Reproduce the entries. Match every word.

INFORMATION.
Content starts

(* Let $(G_n)$ be a tight sequence of finite connected graphs with bounded average degree (i.e. $\sup_n 2|E(G_n)|/|V(G_n)|<\infty$) such that $\lim_n |V(G_n)|^{-1}\log\tau(G_n)=h$. Let $G'_n$ be connected subgraphs of $G_n$ such that $$\lim_{n\to\infty}|V(G_n)|^{-1}\bigl|\{x\in V(G'_n):\deg_{G'_n}(x)=\deg_{G_n}(x)\}\bigr|=1.$$ Then $\lim_n |V(G'_n)|^{-1}\log\tau(G'_n)=h$.
   Context: $\tau(G)$ is the number of spanning trees of $G$. For $R>0$ and a finite graph $G$, $\nu_R(G)$ is the distribution of the number of edges in the ball of radius $R$ about a uniformly random vertex of $G$. A collection of finite graphs is tight if for each $R$ the collection of corresponding distributions $\nu_R(G)$ is tight. *)

From HB Require Import structures.
From mathcomp Require Import all_boot all_order all_algebra.
From mathcomp Require Import all_classical all_reals all_analysis.
Set Implicit Arguments. Unset Strict Implicit. Unset Printing Implicit Defensive.
Import Order.TTheory GRing.Theory Num.Theory.

(* A finite (multi)graph: loops and multiple edges are allowed. *)
Record graph := Graph {
  gV : finType;
  gE : finType;
  ends : gE -> gV * gV }.

Section GraphDefs.
Variable G : graph.
Local Notation V := (gV G).
Local Notation E := (gE G).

Content ends

TASK RESPONSE.
(* Let $(G_n)$ be a tight sequence of finite connected graphs with bounded average degree (i.e. $\sup_n 2|E(G_n)|/|V(G_n)|<\infty$) such that $\lim_n |V(G_n)|^{-1}\log\tau(G_n)=h$. Let $G'_n$ be connected subgraphs of $G_n$ such that $$\lim_{n\to\infty}|V(G_n)|^{-1}\bigl|\{x\in V(G'_n):\deg_{G'_n}(x)=\deg_{G_n}(x)\}\bigr|=1.$$ Then $\lim_n |V(G'_n)|^{-1}\log\tau(G'_n)=h$.
   Context: $\tau(G)$ is the number of spanning trees of $G$. For $R>0$ and a finite graph $G$, $\nu_R(G)$ is the distribution of the number of edges in the ball of radius $R$ about a uniformly random vertex of $G$. A collection of finite graphs is tight if for each $R$ the collection of corresponding distributions $\nu_R(G)$ is tight. *)

From HB Require Import structures.
From mathcomp Require Import all_boot all_order all_algebra.
From mathcomp Require Import all_classical all_reals all_analysis.
Set Implicit Arguments. Unset Strict Implicit. Unset Printing Implicit Defensive.
Import Order.TTheory GRing.Theory Num.Theory.

(* A finite (multi)graph: loops and multiple edges are allowed. *)
Record graph := Graph {
  gV : finType;
  gE : finType;
  ends : gE -> gV * gV }.

Section GraphDefs.
Variable G : graph.
Local Notation V := (gV G).
Local Notation E := (gE G).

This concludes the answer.